> _Task to carry out_:
Give back exactly the first lines of the entries below, through the line with "have [N aN] := iso_weight_eq iu phivE.".

-*-

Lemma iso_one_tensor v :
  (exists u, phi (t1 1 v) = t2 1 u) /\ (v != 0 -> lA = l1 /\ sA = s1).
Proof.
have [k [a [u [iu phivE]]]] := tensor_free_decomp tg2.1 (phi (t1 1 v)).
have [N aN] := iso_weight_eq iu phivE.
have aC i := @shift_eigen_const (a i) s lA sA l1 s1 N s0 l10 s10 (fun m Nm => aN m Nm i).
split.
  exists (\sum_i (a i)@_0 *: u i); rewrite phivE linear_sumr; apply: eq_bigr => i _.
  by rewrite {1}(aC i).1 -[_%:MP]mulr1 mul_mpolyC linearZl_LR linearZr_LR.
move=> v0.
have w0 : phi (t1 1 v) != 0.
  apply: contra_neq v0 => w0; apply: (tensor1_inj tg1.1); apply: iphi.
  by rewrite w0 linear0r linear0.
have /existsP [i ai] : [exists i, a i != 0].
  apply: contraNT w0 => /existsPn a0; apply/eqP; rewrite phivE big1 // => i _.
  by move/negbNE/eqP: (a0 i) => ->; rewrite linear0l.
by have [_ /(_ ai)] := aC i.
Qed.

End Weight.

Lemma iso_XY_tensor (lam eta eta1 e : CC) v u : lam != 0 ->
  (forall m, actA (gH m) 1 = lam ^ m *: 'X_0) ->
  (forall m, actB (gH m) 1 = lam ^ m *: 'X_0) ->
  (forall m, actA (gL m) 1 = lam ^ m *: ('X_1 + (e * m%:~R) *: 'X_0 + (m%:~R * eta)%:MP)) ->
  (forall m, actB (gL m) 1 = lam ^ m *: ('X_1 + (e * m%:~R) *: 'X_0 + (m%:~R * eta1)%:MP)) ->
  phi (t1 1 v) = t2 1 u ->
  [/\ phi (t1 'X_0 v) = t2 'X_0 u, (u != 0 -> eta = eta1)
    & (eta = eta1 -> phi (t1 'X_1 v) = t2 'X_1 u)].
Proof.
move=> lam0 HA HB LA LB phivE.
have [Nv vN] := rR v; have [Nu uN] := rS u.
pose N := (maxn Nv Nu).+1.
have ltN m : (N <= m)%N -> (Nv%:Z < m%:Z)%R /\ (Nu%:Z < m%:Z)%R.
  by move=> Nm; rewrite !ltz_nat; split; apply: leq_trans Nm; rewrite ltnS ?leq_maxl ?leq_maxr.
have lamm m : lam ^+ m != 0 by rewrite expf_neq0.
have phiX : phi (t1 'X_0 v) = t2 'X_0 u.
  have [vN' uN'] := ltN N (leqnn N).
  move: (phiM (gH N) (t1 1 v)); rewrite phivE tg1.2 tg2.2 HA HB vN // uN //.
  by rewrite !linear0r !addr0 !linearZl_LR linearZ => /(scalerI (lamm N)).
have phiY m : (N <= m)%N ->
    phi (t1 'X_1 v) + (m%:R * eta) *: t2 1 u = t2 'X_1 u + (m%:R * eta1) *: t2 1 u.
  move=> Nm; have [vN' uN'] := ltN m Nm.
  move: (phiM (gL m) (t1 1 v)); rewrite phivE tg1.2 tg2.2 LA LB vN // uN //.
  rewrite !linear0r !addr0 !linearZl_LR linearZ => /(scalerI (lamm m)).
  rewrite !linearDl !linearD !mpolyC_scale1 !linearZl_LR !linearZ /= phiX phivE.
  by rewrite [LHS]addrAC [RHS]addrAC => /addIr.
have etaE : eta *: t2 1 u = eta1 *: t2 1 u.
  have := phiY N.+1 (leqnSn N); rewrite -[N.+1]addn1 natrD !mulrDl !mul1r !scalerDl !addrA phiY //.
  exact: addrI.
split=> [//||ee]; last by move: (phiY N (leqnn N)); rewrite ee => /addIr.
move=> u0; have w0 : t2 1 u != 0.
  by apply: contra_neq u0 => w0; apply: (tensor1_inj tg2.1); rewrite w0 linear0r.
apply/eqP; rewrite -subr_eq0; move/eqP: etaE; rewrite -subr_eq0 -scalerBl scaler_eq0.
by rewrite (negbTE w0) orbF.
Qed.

-*-

> _Exercise answer_:
Lemma iso_one_tensor v :
  (exists u, phi (t1 1 v) = t2 1 u) /\ (v != 0 -> lA = l1 /\ sA = s1).
Proof.
have [k [a [u [iu phivE]]]] := tensor_free_decomp tg2.1 (phi (t1 1 v)).
have [N aN] := iso_weight_eq iu phivE.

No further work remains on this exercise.